What Is Data Warehousing?
A data warehouse is a centralized data platform designed to consolidate information from multiple sources and make it available for analysis and reporting. Unlike operational systems designed for day-to-day transactions, warehouses are optimized for analytical workloads.
- Consolidate data from multiple systems
- Create a consistent view of business information
- Improve reporting performance
- Support Business Intelligence and analytics
- Maintain historical data
- Improve data quality and consistency
- Reduce dependency on manual reporting
- Provide a scalable foundation for future data initiatives
ETL — Extract, Transform, Load
ETL enables organizations to move data from source systems into a centralized analytical environment while applying required transformations and quality checks.
Extract
Collect relevant information from relational databases, enterprise applications, CRM and ERP systems, APIs, files and spreadsheets, cloud applications, and legacy systems without disrupting source operations.
Transform
Transformation may include cleansing, duplicate removal, data type conversion, standardization, validation, business-rule application, enrichment, joining information from multiple sources, and handling missing or inconsistent values.
Load
Processed information is loaded into the target warehouse or analytical platform through full loads, incremental loads, change-data capture, scheduled pipelines, or near-real-time processes as appropriate.

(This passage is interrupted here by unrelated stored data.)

(* Let $\mathcal C=\{\hat\mu_1,\dots,\hat\mu_{k'}\}\subset\mathbb{R}^n$ with Voronoi partition $V_1,\dots,V_{k'}$, let $\sigma>0$, $R\ge0$, $\epsilon\in(0,1)$, and let $\mu\in\mathbb{R}^n$ satisfy $\|\mu-\hat\mu_i\|\le R$ for some $i$. Let $Y=\mu+\sigma\xi$ with $\xi\sim\mathcal N(0,I_n)$, and let $i'$ be the (random) index with $Y\in V_{i'}$. Then with probability at least $1-\epsilon$, $$\|\mu-\hat\mu_{i'}\|\le3R+2\sqrt2\,\sigma\sqrt{\ln(k'/\epsilon)}.$$
   Context: The Voronoi partition of $\{\hat\mu_1,\dots,\hat\mu_{k'}\}$ is $V_j=\{x:\|x-\hat\mu_j\|=\min_{j'}\|x-\hat\mu_{j'}\|\}$, with ties (a null set) broken arbitrarily so that the $V_j$ partition $\mathbb{R}^n$. *)

From HB Require Import structures.
From mathcomp Require Import all_boot all_order all_algebra.
From mathcomp Require Import all_classical all_reals all_analysis.
Set Implicit Arguments. Unset Strict Implicit. Unset Printing Implicit Defensive.
Import Order.TTheory GRing.Theory Num.Theory.
Local Open Scope classical_set_scope.
Local Open Scope ring_scope.

Definition enorm {R : realType} {n : nat} (v : 'I_n -> R) : R :=
  Num.sqrt (\sum_(i < n) v i ^+ 2).

(* cell is a Voronoi assignment for the centers C: x lies in V_(cell x),
   i.e. C (cell x) is a nearest center to x (ties broken arbitrarily). *)
Definition voronoi_assignment {R : realType} {n k : nat}
  (C : 'I_k -> ('I_n -> R)) (cell : ('I_n -> R) -> 'I_k) : Prop :=
  forall x j, enorm (fun t => x t - C (cell x) t) <= enorm (fun t => x t - C j t).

Data Warehouse Modernization and Revamp
Legacy warehouses can become difficult to maintain as business requirements, data volumes, and analytical workloads grow. Modernization focuses on architecture, performance, scalability, maintainability, and usability.

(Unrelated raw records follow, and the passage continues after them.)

Lemma condE_mul_preimage_indep :
  condE P (X @^-1` B0) (fun w => X w * Y w)%R =
  condE P (X @^-1` B0) X * \int[P]_w (Y w)%:E.
Proof.
rewrite -condE_preimage_indep /condE (condprobE mA PA0).
apply: integral_indep_mul indep_rv_condprob _ _ _;
  exact: integrable_mnormalize_mrestr.
Qed.

End condition_on_preimage.

Lemma condE_fin_num d (T : measurableType d) (R : realType)
    (P : probability T R) (A : set T) (f : T -> R) : measurable A -> 0 < P A ->
  P.-integrable setT (EFin \o f) -> condE P A f \is a fin_num.
Proof.
move=> mA PA0 iPf; rewrite /condE (condprobE mA PA0).
exact/integrable_fin_num/integrable_mnormalize_mrestr.
Qed.

Section increments_under_conditioning.
Context d (T : measurableType d) (R : realType) (P : probability T R).
Variables (X Y : T -> R).
Hypotheses (iX : P.-integrable setT (EFin \o X))
  (iY : P.-integrable setT (EFin \o Y))
  (iXY : P.-integrable setT (fun w => (X w * Y w)%:E)).

Lemma integral_condprob_increments (A B : set T) :
  measurable A -> 0 < P A -> measurable B -> 0 < P B ->
  \int[condprob P A \x condprob P B]_z ((X z.1 - X z.2) * (Y z.1 - Y z.2))%:E =
  condE P A (fun w => X w * Y w)%R + condE P B (fun w => X w * Y w)%R
  - condE P A X * condE P B Y - condE P A Y * condE P B X.
Proof.
move=> mA PA0 mB PB0; rewrite /condE (condprobE mA PA0) (condprobE mB PB0).
by apply: integral_prod_increments; exact: integrable_mnormalize_mrestr.
Qed.

End increments_under_conditioning.

Lemma measurable_sigma_pos d (T : measurableType d) (R : realType)
    (P : probability T R) (X : {mfun T >-> R}) (A : set T) :
  sigma_pos P X A -> measurable A.
Proof. by move=> [[B [mB ->]] _]; exact: measurable_funPTI. Qed.

Lemma in_PXYC d (T : measurableType d) (R : realType) (X Y : T -> R)
    (pi1 pi2 : set T -> \bar R) :
  in_PXY X Y pi1 pi2 = in_PXY Y X pi1 pi2.
Proof.
by rewrite /in_PXY; congr (0 <= integral _ _ _); apply/funext => z; rewrite mulrC.
Qed.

- Review architecture and identify bottlenecks
- Optimize data models
- Redesign ETL processes
- Remove redundant datasets and workflows
- Improve data quality and automation
- Modernize legacy technologies
- Improve reporting performance
- Introduce scalable cloud architecture
Data Warehouse Migration to the Cloud
Cloud migration moves warehouse workloads from traditional infrastructure to modern cloud platforms. A migration initiative may include assessment, planning, data migration, pipeline migration, validation, optimization, and go-live.
Assessment
Evaluate sources, architecture, volumes, ETL dependencies, reporting dependencies, performance, security, integrations, operational processes, and infrastructure costs.
Migration
Activities can include source analysis, data mapping, schema conversion, extraction, transformation, loading, historical migration, validation, reconciliation, and performance testing.

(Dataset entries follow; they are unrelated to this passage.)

(* Let $\mathcal{X}$ be a real Hilbert space, let $\mathbb{A},\mathbb{B},\mathbb{C}:\mathcal{X}\to 2^{\mathcal{X}}$ be maximal monotone operators with $\mathbb{C}$ $\beta$-cocoercive ($\beta>0$), let $\gamma\in(0,2\beta]$, and let $$T=\mathbb{J}_{\gamma\mathbb{C}}\circ\big(\mathbb{J}_{\gamma \mathbb{A}}\circ(2\mathbb{J}_{\gamma \mathbb{B}}-I-\gamma \mathbb{C}\mathbb{J}_{\gamma \mathbb{B}})+\gamma \mathbb{C}\mathbb{J}_{\gamma \mathbb{B}}\big)+ (I-\mathbb{J}_{\gamma \mathbb{B}}).$$ Assume $T$ is $a$-averaged with $a=\frac{2\beta}{4\beta-\gamma}<1$. Let $z^0\in\mathcal{X}$ and let $(z^j)_{j\ge0}$ be generated by: for $k=0,1,\dots$, $x^k_{\mathbb{B}}=\mathbb{J}_{\gamma\mathbb{B}}(z^k)$, $x^k_{\mathbb{A}}=\mathbb{J}_{\gamma\mathbb{A}}(2x^k_{\mathbb{B}}-z^k-\gamma\mathbb{C}x^k_{\mathbb{B}})$, $x^k_{\mathbb{C}}=\mathbb{J}_{\gamma\mathbb{C}}(x^k_{\mathbb{A}}+\gamma\mathbb{C}x^k_{\mathbb{B}})$, $z^{k+1}=z^k+\lambda_k(x^k_{\mathbb{C}}-x^k_{\mathbb{B}})$, with $\lambda_k\in(0,(4\beta-\gamma)/(2\beta))$. Let $z^*$ be a fixed point of $T$ and $x^*=\mathbb{J}_{\gamma\mathbb{B}}(z^* )$. Then $(x^j_{\mathbb{A}})_{j\ge0}$ and $(x^j_{\mathbb{B}})_{j\ge0}$ are contained in the closed ball $\overline{B}\big(x^*,(1+\gamma/\beta)\|z^0-z^*\|\big)$.
   Context: $\mathbb{J}_M=(I+M)^{-1}$ is the resolvent of $M$. $\mathbb{C}$ is $\beta$-cocoercive if $\langle u-v,x-y\rangle\ge\beta\|u-v\|^2$ for all $u\in\mathbb{C}x,v\in\mathbb{C}y$. A map $T$ is $a$-averaged if $T=(1-a)I+aN$ for some nonexpansive $N$. *)

From HB Require Import structures.
From mathcomp Require Import all_boot all_order all_algebra.
From mathcomp Require Import all_classical all_reals all_analysis.
Set Implicit Arguments. Unset Strict Implicit. Unset Printing Implicit Defensive.
Import Order.TTheory GRing.Theory Num.Theory.
Import numFieldNormedType.Exports.
Local Open Scope ring_scope.
Local Open Scope classical_set_scope.

(* A real Hilbert space: a complete normed space V over R together with a
   symmetric bilinear form whose induced norm is the norm of V. *)
Definition is_inner_product (R : realType) (V : completeNormedModType R)
    (ip : V -> V -> R) : Prop :=
  [/\ forall x y, ip x y = ip y x,
      forall a x y z, ip (a *: x + y) z = a * ip x z + ip y z
    & forall x, ip x x = `|x| ^+ 2].

Definition monotone (R : realType) (V : completeNormedModType R)
    (ip : V -> V -> R) (A : V -> set V) : Prop :=
  forall x y u v, A x u -> A y v -> 0 <= ip (u - v) (x - y).

Definition maximal_monotone (R : realType) (V : completeNormedModType R)
    (ip : V -> V -> R) (A : V -> set V) : Prop :=
  monotone ip A /\
  forall B : V -> set V, monotone ip B ->
    (forall x u, A x u -> B x u) -> forall x u, B x u -> A x u.

Definition cocoercive (R : realType) (V : completeNormedModType R)
    (ip : V -> V -> R) (beta : R) (A : V -> set V) : Prop :=
  forall x y u v, A x u -> A y v -> beta * `|u - v| ^+ 2 <= ip (u - v) (x - y).

(* J is the resolvent (I + g A)^{-1}, i.e. J x = p  iff  x \in p + g A p. *)
Definition is_resolvent (R : realType) (V : completeNormedModType R)
    (A : V -> set V) (g : R) (J : V -> V) : Prop :=
  forall x p, J x = p <-> exists u, A p u /\ x - p = g *: u.

Definition nonexpansive (R : realType) (V : completeNormedModType R)
    (N : V -> V) : Prop :=
  forall x y, `|N x - N y| <= `|x - y|.

Definition averaged (R : realType) (V : completeNormedModType R)
    (a : R) (T : V -> V) : Prop :=
  exists N : V -> V, nonexpansive N /\ forall x, T x = (1 - a) *: x + a *: N x.

From Pilot Require Import Defs.
From HB Require Import structures.
From mathcomp Require Import all_boot all_order all_algebra.
From mathcomp Require Import all_classical all_reals all_analysis.
From mathcomp Require Import lra.
Set Implicit Arguments. Unset Strict Implicit. Unset Printing Implicit Defensive.
Import Order.TTheory GRing.Theory Num.Theory.
Local Open Scope ring_scope.

(* The fixed point zs of T yields xs = J_{gB} zs and the unique cs in C xs, and
   T zs = zs forces J_{gA} (2 xs - zs - g cs) = xs.  The point cs exists because a
   cocoercive operator with a total resolvent J has full domain: w |-> x + (w - J w)
   is a contraction, and its fixed point p satisfies J p = x.

   Since T = (1 - a) I + a N with N nonexpansive and lambda_k a < 1, each error
   z^{k+1} - zs is a convex combination of z^k - zs and N z^k - N zs, so
   |z^k - zs| <= |z^0 - zs|.  Resolvents of monotone operators and their
   reflections 2 J - I are nonexpansive and C is (1/beta)-Lipschitz, whence
   |x_B^k - xs| <= |z^k - zs| and
   |x_A^k - xs| <= |2 (x_B^k - xs) - (z^k - zs)| + g |c^k - cs|
               <= (1 + g/beta) |z^k - zs|. *)

Lemma subrACA (W : zmodType) (a b c d : W) : (a - b) - (c - d) = (a - c) - (b - d).
Proof. by rewrite !opprD !opprK addrACA. Qed.

Section NormedSpace.
Variables (R : realType) (V : completeNormedModType R).

Lemma contraction_fixed_point (f : V -> V) (q : R) :
  0 <= q -> q < 1 -> (forall x y, `|f x - f y| <= q * `|x - y|) ->
  exists p, f p = p.
Proof.
move=> q_ge0 q_lt1 f_contr.
have [||| p _ fp] := @banach_fixed_point R V setT (totalfun_ setT f).
- by exists (NngNum q_ge0); split => //= -[x y] _; exact: f_contr.
- exact: closedT.
- by exists 0.
by exists p.
Qed.

Lemma averaged_fixed_point (a : R) (N : V -> V) (z : V) :
  a != 0 -> z = (1 - a) *: z + a *: N z -> N z = z.
Proof.
move=> a_neq0 zE; apply: (scalerI a_neq0).
have := congr1 (fun v => v - (1 - a) *: z) zE.
by rewrite addrAC subrr add0r scalerBl scale1r subKr => ->.
Qed.

Lemma relaxed_step_le (s : R) (N : V -> V) (z zs : V) :
  nonexpansive N -> N zs = zs -> 0 <= s <= 1 ->
  `|z + s *: (N z - z) - zs| <= `|z - zs|.
Proof.
move=> N_ne Nzs /andP[s_ge0 s_le1].
have -> : z + s *: (N z - z) - zs = (1 - s) *: (z - zs) + s *: (N z - N zs).
  rewrite Nzs scalerBl scale1r -[RHS]addrA [- _ + _]addrC -scalerBr.
  by rewrite opprB addrA subrK addrAC.
apply: (le_trans (ler_normD _ _)); rewrite !normrZ !ger0_norm ?subr_ge0 //.
by have := N_ne z zs; have := normr_ge0 (z - zs); nra.
Qed.

Lemma averaged_relaxed_iterates_le (a : R) (T : V -> V) (z : nat -> V)
    (lambda : nat -> R) (zs : V) :
  averaged a T -> 0 < a -> T zs = zs ->
  (forall k, z k.+1 = z k + lambda k *: (T (z k) - z k)) ->
  (forall k, 0 < lambda k < a^-1) ->
  forall k, `|z k - zs| <= `|z 0 - zs|.
Proof.
move=> [N [N_ne TE]] a_gt0 Tzs zS lam_bd.
have Nzs : N zs = zs.
  by apply: (averaged_fixed_point (lt0r_neq0 a_gt0)); rewrite -TE Tzs.
have TzE x : T x - x = a *: (N x - x).
  by rewrite TE scalerBl scale1r scalerBr addrAC [_ - x]addrAC subrr add0r addrC.
move=> k; apply: (nonincreasing_seqP (fun k => `|z k - zs|)).1 (leq0n k) => {}k.
rewrite zS TzE scalerA; apply: relaxed_step_le => //.
have /andP[lam_gt0 lam_lt] := lam_bd k.
by rewrite (ltW (mulr_gt0 lam_gt0 a_gt0)) /= -ler_pdivlMr // div1r ltW.
Qed.

End NormedSpace.

Section InnerProductSpace.
Variables (R : realType) (V : completeNormedModType R) (ip : V -> V -> R).
Hypothesis ip_inner : is_inner_product ip.

Lemma ipC x y : ip x y = ip y x.
Proof. by case: ip_inner. Qed.

Lemma ipDl x y z : ip (x + y) z = ip x z + ip y z.
Proof. by case: ip_inner => _ ipl _; rewrite -[x]scale1r ipl mul1r scale1r. Qed.

Lemma ipDr x y z : ip x (y + z) = ip x y + ip x z.
Proof. by rewrite ipC ipDl ![ip _ x]ipC. Qed.

Lemma ip0l z : ip 0 z = 0.
Proof. by have := ipDl 0 0 z; rewrite addr0; lra. Qed.

Lemma ipZl a x z : ip (a *: x) z = a * ip x z.
Proof. by case: ip_inner => _ ipl _; rewrite -[a *: x]addr0 ipl ip0l addr0. Qed.

Lemma ipZr a x z : ip z (a *: x) = a * ip z x.
Proof. by rewrite ipC ipZl ipC. Qed.

Lemma sqr_normDZ x y s :
  `|x + s *: y| ^+ 2 = `|x| ^+ 2 + 2 * s * ip x y + s ^+ 2 * `|y| ^+ 2.
Proof.
case: ip_inner => _ _ ipxx; rewrite -!ipxx.
by rewrite !ipDl !ipDr !ipZl !ipZr [ip y x]ipC expr2; lra.
Qed.

Lemma resolventE (A : V -> set V) (g : R) (J : V -> V) :
  is_resolvent A g J -> forall w, exists2 u, A (J w) u & w - J w = g *: u.
Proof. by move=> JA w; have [u []] := (JA w (J w)).1 erefl; exists u. Qed.

Lemma resolvent_subE (A : V -> set V) (g : R) (J : V -> V) :
  is_resolvent A g J -> forall w w', exists u u',
  [/\ A (J w) u, A (J w') u' & w - w' = J w - J w' + g *: (u - u')].
Proof.
move=> JA w w'; have [u Au wE] := resolventE JA w; have [u' Au' w'E] := resolventE JA w'.
by exists u, u'; split; rewrite // scalerBr -wE -w'E subrACA [RHS]addrC subrK.
Qed.

Lemma resolvent_nonexpansive (A : V -> set V) (g : R) (J : V -> V) :
  Defs.monotone ip A -> 0 <= g -> is_resolvent A g J -> nonexpansive J.
Proof.
move=> mA g_ge0 JA w w'; have [u [u' [Au Au' ->]]] := resolvent_subE JA w w'.
have := mA _ _ _ _ Au Au'; rewrite ipC => mono.
rewrite -ler_sqr ?nnegrE // sqr_normDZ.
by have := sqr_ge0 g; have := sqr_ge0 `|u - u'|; nra.
Qed.

Lemma reflected_resolvent_nonexpansive (A : V -> set V) (g : R) (J : V -> V) :
  Defs.monotone ip A -> 0 <= g -> is_resolvent A g J ->
  nonexpansive (fun w => 2 *: J w - w).
Proof.
move=> mA g_ge0 JA w w' /=; have [u [u' [Au Au' wE]]] := resolvent_subE JA w w'.
have := mA _ _ _ _ Au Au'; rewrite ipC => mono.
rewrite subrACA -scalerBr wE scaler_nat mulr2n opprD addrA addrK -scaleNr.
rewrite -ler_sqr ?nnegrE // !sqr_normDZ sqrrN.
by have := sqr_ge0 g; have := sqr_ge0 `|u - u'|; nra.
Qed.

Section Cocoercive.
Variables (beta : R) (C : V -> set V).
Hypotheses (beta_gt0 : 0 < beta) (C_coco : cocoercive ip beta C).

Lemma cocoercive_lipschitz x y u v :
  C x u -> C y v -> beta * `|u - v| <= `|x - y|.
Proof.
move=> Cu Cv; have := C_coco Cu Cv; rewrite ipC => coco.
rewrite -ler_sqr ?nnegrE ?(mulr_ge0 (ltW beta_gt0)) //.
have := sqr_ge0 `|x - y + (- beta) *: (u - v)|; rewrite sqr_normDZ.
by have := mulr_ge0 (ltW beta_gt0) (eqbRL (subr_ge0 _ _) coco); nra.
Qed.

Lemma cocoercive_single_valued x u v : C x u -> C x v -> u = v.
Proof.
move=> Cu Cv; have := cocoercive_lipschitz Cu Cv.
by rewrite subrr normr0 pmulr_rle0 // normr_le0 subr_eq0 => /eqP.
Qed.

Variables (g : R) (J : V -> V).
Hypotheses (g_gt0 : 0 < g) (JC : is_resolvent C g J).

Lemma cocoercive_resolvent_contraction w w' :
  `|(w - J w) - (w' - J w')| <= Num.sqrt (g / (g + 2 * beta)) * `|w - w'|.
Proof.
have [u [u' [Cu Cu' wE]]] := resolvent_subE JC w w'.
have := C_coco Cu Cu'; rewrite ipC => coco.
rewrite subrACA wE addrC addKr.
have gb_gt0 : 0 < g + 2 * beta by move: g_gt0 beta_gt0; lra.
have r_ge0 : 0 <= g / (g + 2 * beta) by rewrite divr_ge0 ?ltW.
rewrite -ler_sqr ?nnegrE ?mulr_ge0 ?sqrtr_ge0 // exprMn sqr_sqrtr //.
rewrite sqr_normDZ normrZ gtr0_norm // mulrAC ler_pdivlMr //.
have := mulr_ge0 (ltW g_gt0) (eqbRL (subr_ge0 _ _) coco).
by have := sqr_ge0 `|J w - J w'|; have := sqr_ge0 `|u - u'|; move: g_gt0 beta_gt0; nra.
Qed.

Lemma cocoercive_resolvent_total x : exists u, C x u.
Proof.
have gb_gt0 : 0 < g + 2 * beta by move: g_gt0 beta_gt0; lra.
have q_lt1 : Num.sqrt (g / (g + 2 * beta)) < 1.
  by rewrite -[X in _ < X]sqrtr1 ltr_sqrt // ltr_pdivrMr // mul1r; move: beta_gt0; lra.
have [|p fp] := contraction_fixed_point (f := fun w => x + (w - J w)) (sqrtr_ge0 _) q_lt1.
  by move=> w w'; rewrite opprD addrACA subrr add0r; exact: cocoercive_resolvent_contraction.
have -> : x = J p by move/(canRL (addrK _)): fp; rewrite subKr.
by have [u Cu _] := resolventE JC p; exists u.
Qed.

Lemma resolvent_shift_eq x c y : C x c -> J (y + g *: c) = x -> y = x.
Proof.
move=> Cc /(JC _ _).1 [u [Cu]]; rewrite (cocoercive_single_valued Cu Cc) addrAC.
by rewrite -[RHS]add0r => /addIr /subr0_eq.
Qed.

End Cocoercive.

Lemma forward_reflected_resolvent_le (A B C : V -> set V) (beta g : R)
    (JA JB : V -> V) (w w' c c' : V) :
  Defs.monotone ip A -> Defs.monotone ip B -> 0 < beta -> cocoercive ip beta C ->
  0 < g -> is_resolvent A g JA -> is_resolvent B g JB ->
  C (JB w) c -> C (JB w') c' ->
  `|JA (2 *: JB w - w - g *: c) - JA (2 *: JB w' - w' - g *: c')|
    <= (1 + g / beta) * `|w - w'|.
Proof.
move=> mA mB beta_gt0 C_coco g_gt0 JA_res JB_res Cc Cc'.
apply: le_trans (resolvent_nonexpansive mA (ltW g_gt0) JA_res _ _) _.
rewrite subrACA -scalerBr; apply: le_trans (ler_normB _ _) _.
have refl_le := reflected_resolvent_nonexpansive mB (ltW g_gt0) JB_res w w'.
have JB_le := resolvent_nonexpansive mB (ltW g_gt0) JB_res w w'.
have C_le := cocoercive_lipschitz beta_gt0 C_coco Cc Cc'.
rewrite normrZ gtr0_norm //.
have -> : g * `|c - c'| = g / beta * (beta * `|c - c'|).
  by rewrite mulrA divfK ?lt0r_neq0.
rewrite mulrDl mul1r lerD // ler_wpM2l ?(divr_ge0 (ltW g_gt0) (ltW beta_gt0)) //.
exact: le_trans C_le JB_le.
Qed.

End InnerProductSpace.

Theorem lemma3 (R : realType) (V : completeNormedModType R)
  (ip : V -> V -> R) (Hip : is_inner_product ip)
  (A B C : V -> set V) (beta gamma : R)
  (JA JB JC T : V -> V)
  (z xA xB xC c : nat -> V) (lambda : nat -> R) (zstar : V) :
  maximal_monotone ip A -> maximal_monotone ip B -> maximal_monotone ip C ->
  0 < beta -> cocoercive ip beta C ->
  0 < gamma -> gamma <= 2 * beta ->
  is_resolvent A gamma JA -> is_resolvent B gamma JB -> is_resolvent C gamma JC ->
  (* T = J_{gC} o (J_{gA} o (2 J_{gB} - I - g C J_{gB}) + g C J_{gB}) + (I - J_{gB}) *)
  (forall w cw, C (JB w) cw ->
     T w = JC (JA (2 *: JB w - w - gamma *: cw) + gamma *: cw) + (w - JB w)) ->
  2 * beta / (4 * beta - gamma) < 1 ->
  averaged (2 * beta / (4 * beta - gamma)) T ->
  (* the iteration; c k is the (unique) element of C (xB k) *)
  (forall k, xB k = JB (z k)) ->
  (forall k, C (xB k) (c k)) ->
  (forall k, xA k = JA (2 *: xB k - z k - gamma *: c k)) ->
  (forall k, xC k = JC (xA k + gamma *: c k)) ->
  (forall k, z k.+1 = z k + lambda k *: (xC k - xB k)) ->
  (forall k, 0 < lambda k < (4 * beta - gamma) / (2 * beta)) ->
  T zstar = zstar ->
  forall j,
    `|xA j - JB zstar| <= (1 + gamma / beta) * `|z 0 - zstar| /\
    `|xB j - JB zstar| <= (1 + gamma / beta) * `|z 0 - zstar|.
Proof.
move=> [mA _] [mB _] _ beta_gt0 C_coco g_gt0 g_le JA_res JB_res JC_res TE _ T_avg.
move=> xBE Cc xAE xCE zS lam_bd Tzs j.
set xs := JB zstar; set a := 2 * beta / (4 * beta - gamma) in T_avg.
have CJ k : C (JB (z k)) (c k) by rewrite -xBE.
have [cs Ccs] := cocoercive_resolvent_total Hip beta_gt0 C_coco g_gt0 JC_res xs.
have xsE : JA (2 *: xs - zstar - gamma *: cs) = xs.
  apply: (resolvent_shift_eq Hip beta_gt0 C_coco JC_res Ccs).
  by move: (TE zstar cs Ccs); rewrite Tzs => /esym/(canRL (addrK _)); rewrite subKr.
have a_gt0 : 0 < a by rewrite divr_gt0 //; lra.
have z_le : forall k, `|z k - zstar| <= `|z 0 - zstar|.
  apply: (averaged_relaxed_iterates_le (lambda := lambda) T_avg a_gt0 Tzs) => k; last first.
    by rewrite /a invf_div lam_bd.
  rewrite zS (TE _ _ (CJ k)) -xBE -xAE -xCE [in RHS]addrCA.
  by rewrite [z k + (_ - _)]addrC addrK.
have xB_le : `|xB j - xs| <= `|z j - zstar|.
  by rewrite xBE; exact: resolvent_nonexpansive mB (ltW g_gt0) JB_res _ _.
have xA_le : `|xA j - xs| <= (1 + gamma / beta) * `|z j - zstar|.
  rewrite xAE -xsE xBE /xs.
  exact (forward_reflected_resolvent_le Hip mA mB beta_gt0 C_coco g_gt0 JA_res JB_res (CJ j) Ccs).
have k_ge1 : 1 <= 1 + gamma / beta by rewrite lerDl divr_ge0 // ltW.
split.
  by apply: le_trans xA_le _; rewrite ler_wpM2l // (le_trans ler01 k_ge1).
by apply: le_trans xB_le (le_trans (z_le j) (ler_peMl _ k_ge1)).
Qed.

Data Warehouse Architecture
Data Modeling
Depending on analytical requirements, organizations may use dimensional modeling, star schemas, snowflake schemas, normalized models, denormalized analytical structures, or layered warehouse architectures.
Data Quality
Quality controls can identify missing values, duplicate records, invalid formats, inconsistent definitions, incorrect relationships, unexpected data changes, and incomplete source data before they affect reporting.
Performance Optimization
Optimization may include query optimization, data-model improvements, indexing where applicable, partitioning, incremental processing, pipeline optimization, storage optimization, workload management, and aggregation strategies.
Historical Data Management
A warehouse can preserve historical information for long-term trends, customer behavior, revenue changes, product performance, operational performance, historical KPIs, and year-over-year comparisons.
Migration Strategies
Lift and Shift
Move the existing environment to cloud infrastructure with minimal architectural changes.
Replatform
Move to a modern platform while making selected architecture and performance improvements.
Refactor
Substantially redesign the architecture to use modern cloud capabilities and data-engineering practices.
Hybrid Migration
Keep some workloads in existing environments while moving others to the cloud.
Benefits of Modern Data Warehousing
- Centralized data management
- Faster reporting
- Improved data quality
- Better analytical performance
- Scalable data infrastructure
- Reduced manual processing
- Improved integration between systems
- Better historical analysis
- Easier cloud adoption
- Stronger foundation for advanced analytics
Our Data Warehousing Approach
- Discovery & Assessment — understand the current data landscape and objectives.
- Architecture & Planning — define the target warehouse architecture and roadmap.
- ETL Development — build reliable extraction, transformation and loading processes.
- Warehouse Modernization — improve models, workloads, performance and maintainability.
- Cloud Migration — move data and workloads to an appropriate cloud architecture.
- Data Validation — reconcile migrated information and verify accuracy.
- Performance Optimization — tune workloads, pipelines and analytical queries.
- Security & Governance — implement appropriate controls and practices.
- Monitoring & Support — establish ongoing operational processes.